I'm curious what everyone feeds their dairy does? What do you all consider, feed wise that helps produce the best tasting milk? I've read chilling the milk quickly is very important, but I've also read things such as pine needles ruin the flavor. I was told by the folks I purchased one of my does from that they feed alfalfa and a sweet feed (4-way grain with molasses) and they get the sweetest and best milk. What about flax seed, any benefits in feeding it? I'm new to all this, recently purchased my first two doelings. Husband is on board with mixed feelings. I need to be sure the milk that I eventually get is better than any store bought cow milk :thumbup:


----------



## Casa_la_Palma (Oct 15, 2013)

It's been awhile since I posted this. Still curious if anyone feeds it and if and how it has affected their health and milk?


----------



## ksalvagno (Oct 6, 2009)

I don't feed flax seed but I'm sure there are benefits to it. It certainly won't hurt.


----------



## happybleats (Sep 12, 2010)

We feed a mix of whole oats, BOSS, calf manna and beet pulp along with alflafa pellets...we give flax seed mixed with wheat germ and coconut oil when skin is flaky or if someone is underweight...we also add ground flax in feed when needed..

Pine needles actually clean up the flavor of milk..and great to offer when milk flavor is off...( ponderosa pine should not be fed to bred Does)

I dont feed sweet feed, I feel its like those sugery cerials for kids.. way too much sugar...

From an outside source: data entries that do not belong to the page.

(* Under the hypotheses of Lemma 1 (finite multi-set $\mathcal X=\{X_1,\dots,X_n\}$ of real symmetric $2\times2$ matrices, $\lambda_1$ the unique largest eigenvalue of $\mathcal X$, belonging to $X_1$, with $u_1=e_1$, $v_1=e_2$), the largest eigenvalue of $\frac1m\log E_m$, where $E_m=\sum_{i=1}^n\exp(mX_i)$, converges to $\lambda_1$ as $m\to\infty$. Consequently $e_1$ is an eigenvector of $S=\lim_{m\to\infty}\frac1m\log E_m$ with eigenvalue $\lambda_1$.
   Context: $\exp$ and $\log$ denote the matrix exponential and the matrix logarithm of a symmetric positive definite matrix. Every real symmetric $2\times2$ matrix $X_i$ is written in spectral form $X_i=\lambda_i u_iu_i^{\mathsf T}+\mu_i v_iv_i^{\mathsf T}$ with $\lambda_i\ge\mu_i$, $u_i=(\cos\varphi_i,\sin\varphi_i)^{\mathsf T}$, $v_i=(-\sin\varphi_i,\cos\varphi_i)^{\mathsf T}$, $\varphi_i\in[-\pi/2,\pi/2]$. ''The eigenvalues of $\mathcal X$'' means the multi-set of all $2n$ numbers $\lambda_1,\mu_1,\dots,\lambda_n,\mu_n$; an eigenvalue is unique if it occurs exactly once in this multi-set. $e_1=(1,0)^{\mathsf T}$, $e_2=(0,1)^{\mathsf T}$. *)

From HB Require Import structures.
From mathcomp Require Import all_boot all_order all_algebra.
From mathcomp Require Import all_classical all_reals all_analysis.
Set Implicit Arguments. Unset Strict Implicit. Unset Printing Implicit Defensive.
Import Order.TTheory GRing.Theory Num.Theory numFieldNormedType.Exports.
Local Open Scope ring_scope.
Local Open Scope classical_set_scope.

Section Defs.
Variable R : realType.

Definition expm (A : 'M[R]_2) : 'M[R]_2 :=
  \matrix_(i, j) limn (fun N : nat => (\sum_(k < N) (k`!%:R)^-1 *: A ^+ k) i j).

Definition logm (E : 'M[R]_2) : 'M[R]_2 :=
  xget 0 [set L : 'M[R]_2 | L^T = L /\ expm L = E].

Definition lmax (A : 'M[R]_2) : R := sup [set a : R | eigenvalue A a].

Definition e1 : 'cV[R]_2 := \col_i (i == 0 :> 'I_2)%:R.
Definition e2 : 'cV[R]_2 := \col_i (i == 1 :> 'I_2)%:R.

Definition uvec (phi : R) : 'cV[R]_2 := \col_i (if i == 0 :> 'I_2 then cos phi else sin phi).
Definition vvec (phi : R) : 'cV[R]_2 := \col_i (if i == 0 :> 'I_2 then - sin phi else cos phi).

Definition spec2 (lam mu phi : R) : 'M[R]_2 :=
  lam *: (uvec phi *m (uvec phi)^T) + mu *: (vvec phi *m (vvec phi)^T).

Definition Em (n : nat) (X : 'I_n -> 'M[R]_2) (m : nat) : 'M[R]_2 :=
  \sum_(i < n) expm (m%:R *: X i).

End Defs.

(* Every real symmetric 2x2 matrix is a P + b Q with P, Q the orthogonal projections onto
   (c, s) and (-s, c), a >= b; exp and log act on a and b alone. Fix lsub < lam_1 bounding
   every other eigenvalue of the X_i. Since u_1 = e1, E_m is diag(e^(m lam_1), e^(m mu_1))
   plus a matrix with entries O(e^(m lsub)). Writing E_m = e^a P + e^b Q, the bounds
   E_m[0,0] >= e^(m lam_1) and tr E_m <= (1 + 2K) e^(m lam_1), K = 2n + 1, pin a between
   m lam_1 and m lam_1 + ln (1 + 2K), so a/m -> lam_1. Against the gap e^a - e^b >= e^(m lam_1) / 2,
   the small entries E_m[1,1] and E_m[1,0] force s^2 and |c s| to be O(rho^m) with
   rho = e^(lsub - lam_1) < 1; hence the first column of (1/m) log E_m = (a/m) P + (b/m) Q
   tends to lam_1 e1. *)

From HB Require Import structures.
From mathcomp Require Import all_boot all_order all_algebra.
From mathcomp Require Import all_classical all_reals all_analysis.
From mathcomp Require Import ring lra.

Set Implicit Arguments.
Unset Strict Implicit.
Unset Printing Implicit Defensive.

Import Order.TTheory GRing.Theory Num.Theory numFieldNormedType.Exports.
Local Open Scope ring_scope.

Lemma ord2P (i : 'I_2) : i = 0 \/ i = 1.
Proof. by case: i => [[|[|k]] ik]; [left | right | by []]; apply: val_inj. Qed.

Lemma matrix2P (T : Type) (A B : 'M[T]_2) :
  A 0 0 = B 0 0 -> A 0 1 = B 0 1 -> A 1 0 = B 1 0 -> A 1 1 = B 1 1 -> A = B.
Proof.
move=> e00 e01 e10 e11; apply/matrixP => i j.
by case: (ord2P i) => ->; case: (ord2P j) => ->.
Qed.

Lemma mulmx2E (R : pzSemiRingType) m n (A : 'M[R]_(m, 2)) (B : 'M[R]_(2, n)) i j :
  (A *m B) i j = A i 0 * B 0 j + A i 1 * B 1 j.
Proof.
by rewrite mxE big_ord_recl big_ord1; have -> : lift ord0 (@ord0 0) = 1 by apply: val_inj.
Qed.

(* [ring] modulo the relation [w = v], with cofactor [z] *)
Lemma eq_lincomb (R : pzRingType) {x y : R} (z : R) {w v : R} :
  w = v -> x - y = z * (w - v) -> x = y.
Proof. by move=> ->; rewrite subrr mulr0 => /subr0_eq. Qed.
Arguments eq_lincomb {R x y} z {w v}.

Section SpectralForm.
Variable R : comNzRingType.
Implicit Types a b c s : R.

Definition cvec2 c s : 'cV[R]_2 := \col_i (if i == 0 then c else s).

Definition sform a b c s : 'M[R]_2 :=
  a *: (cvec2 c s *m (cvec2 c s)^T) + b *: (cvec2 (- s) c *m (cvec2 (- s) c)^T).

Lemma sform_entry a b c s i j : sform a b c s i j =
  a * (cvec2 c s i 0 * cvec2 c s j 0) + b * (cvec2 (- s) c i 0 * cvec2 (- s) c j 0).
Proof. by rewrite !mxE !big_ord1 !mxE. Qed.

Lemma sform00 a b c s : sform a b c s 0 0 = a * c ^+ 2 + b * s ^+ 2.
Proof. by rewrite sform_entry !mxE /=; ring. Qed.

Lemma sform01 a b c s : sform a b c s 0 1 = (a - b) * (c * s).
Proof. by rewrite sform_entry !mxE /=; ring. Qed.

Lemma sform10 a b c s : sform a b c s 1 0 = (a - b) * (c * s).
Proof. by rewrite sform_entry !mxE /=; ring. Qed.

Lemma sform11 a b c s : sform a b c s 1 1 = a * s ^+ 2 + b * c ^+ 2.
Proof. by rewrite sform_entry !mxE /=; ring. Qed.

Definition sformE := (sform00, sform01, sform10, sform11).

Lemma trmx_sform a b c s : (sform a b c s)^T = sform a b c s.
Proof. by apply: matrix2P; rewrite mxE // !sformE. Qed.

Lemma scale_sform k a b c s : k *: sform a b c s = sform (k * a) (k * b) c s.
Proof. by rewrite /sform scalerDr !scalerA. Qed.

Definition qform (M : 'M[R]_2) (w0 w1 : R) :=
  w0 ^+ 2 * M 0 0 + w0 * w1 * (M 0 1 + M 1 0) + w1 ^+ 2 * M 1 1.

Lemma qform_sform a b c s w0 w1 :
  qform (sform a b c s) w0 w1 = a * (c * w0 + s * w1) ^+ 2 + b * (- s * w0 + c * w1) ^+ 2.
Proof. by rewrite /qform !sformE; ring. Qed.

Lemma qform10 (M : 'M[R]_2) : qform M 1 0 = M 0 0.
Proof. by rewrite /qform; ring. Qed.

Lemma qform_sum (I : finType) (F : I -> 'M[R]_2) w0 w1 :
  qform (\sum_i F i) w0 w1 = \sum_i qform (F i) w0 w1.
Proof. by rewrite /qform !summxE !big_split /= -!mulr_sumr big_split. Qed.

Variables c s : R.
Hypothesis cs1 : c ^+ 2 + s ^+ 2 = 1.

Let mul_cs1 x : x = x * (c ^+ 2 + s ^+ 2). Proof. by rewrite cs1 mulr1. Qed.

Lemma sformM a b a' b' : sform a b c s * sform a' b' c s = sform (a * a') (b * b') c s.
Proof.
by rewrite -mulmxE; apply: matrix2P; rewrite mulmx2E !sformE [RHS]mul_cs1; ring.
Qed.

Lemma sform_eq1 : sform 1 1 c s = 1.
Proof. by apply: matrix2P; rewrite !sformE !mxE /= ?subrr ?mul0r // !mul1r // addrC. Qed.

Lemma sformX a b k : sform a b c s ^+ k = sform (a ^+ k) (b ^+ k) c s.
Proof.
elim: k => [|k IH]; first by rewrite !expr0 sform_eq1.
by rewrite exprS IH sformM -!exprS.
Qed.

Lemma sform_trace a b : sform a b c s 0 0 + sform a b c s 1 1 = a + b.
Proof. by rewrite !sformE [RHS]mul_cs1; ring. Qed.

Lemma qform_sform_eigvec1 a b : qform (sform a b c s) c s = a.
Proof. by rewrite qform_sform -!expr2 cs1; ring. Qed.

Lemma qform_sform_eigvec2 a b : qform (sform a b c s) (- s) c = b.
Proof. by rewrite qform_sform mulrNN -!expr2 [s ^+ 2 + _]addrC cs1; ring. Qed.

End SpectralForm.

Section OrderedSpectralForm.
Variable R : realFieldType.
Implicit Types a b c s : R.

Lemma sform_norm_le a b c s i j : c ^+ 2 + s ^+ 2 = 1 -> 0 <= a -> 0 <= b ->
  `|sform a b c s i j| <= a + b.
Proof.
move=> cs1 a0 b0; have c2 := sqr_ge0 c; have s2 := sqr_ge0 s.
have c2_le1 : c ^+ 2 <= 1 by lra.
have s2_le1 : s ^+ 2 <= 1 by lra.
have cs_le1 : `|c * s| <= 1.
  by have := sqr_ge0 (c + s); have := sqr_ge0 (c - s); rewrite ler_norml; nra.
have ab : `|a - b| <= a + b by rewrite ler_norml; lra.
case: (ord2P i) => ->; case: (ord2P j) => ->; rewrite !sformE.
- rewrite ger0_norm ?(addr_ge0 (mulr_ge0 a0 c2) (mulr_ge0 b0 s2)) //.
  exact: lerD (ler_piMr a0 c2_le1) (ler_piMr b0 s2_le1).
- by rewrite normrM -[a + b]mulr1; apply: ler_pM.
- by rewrite normrM -[a + b]mulr1; apply: ler_pM.
- rewrite ger0_norm ?(addr_ge0 (mulr_ge0 a0 s2) (mulr_ge0 b0 c2)) //.
  exact: lerD (ler_piMr a0 s2_le1) (ler_piMr b0 c2_le1).
Qed.

Lemma qform_sform_ge0 a b c s w0 w1 : 0 <= a -> 0 <= b -> 0 <= qform (sform a b c s) w0 w1.
Proof. by move=> a0 b0; rewrite qform_sform addr_ge0 // mulr_ge0 // sqr_ge0. Qed.

End OrderedSpectralForm.

Lemma spec2_sform (R : realType) (l m p : R) : spec2 l m p = sform l m (cos p) (sin p).
Proof. by []. Qed.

Washing your tools, buckets, hands and goat udder is most important...I like using a vinegar rinse after a hot soap wash on tools and buckets and jars, we use a vingar water udder wash...the vinegar actually conditions the udder..
we filter right after milking in the barn, in clean 1 quart jars..set in these in an ice water bath in a ice chest...this gets you milk temps down fast for clean fresh sweet milk...


----------



## Casa_la_Palma (Oct 15, 2013)

I'm glad the pine needles where mentioned. This has been a topic for me for quiet some time. I have heard both positive and negative about pines effecting flavor. I have also heard cottonwood tree leaves "make the sweetest milk" I have an option of two different areas to make a big turn out for my girls. One has bordering pine trees, the other bordering cottonwoods.... Ugh decisions, decisions, decisions.


----------



## Pats_Perfect_Boer_Goats (Oct 24, 2013)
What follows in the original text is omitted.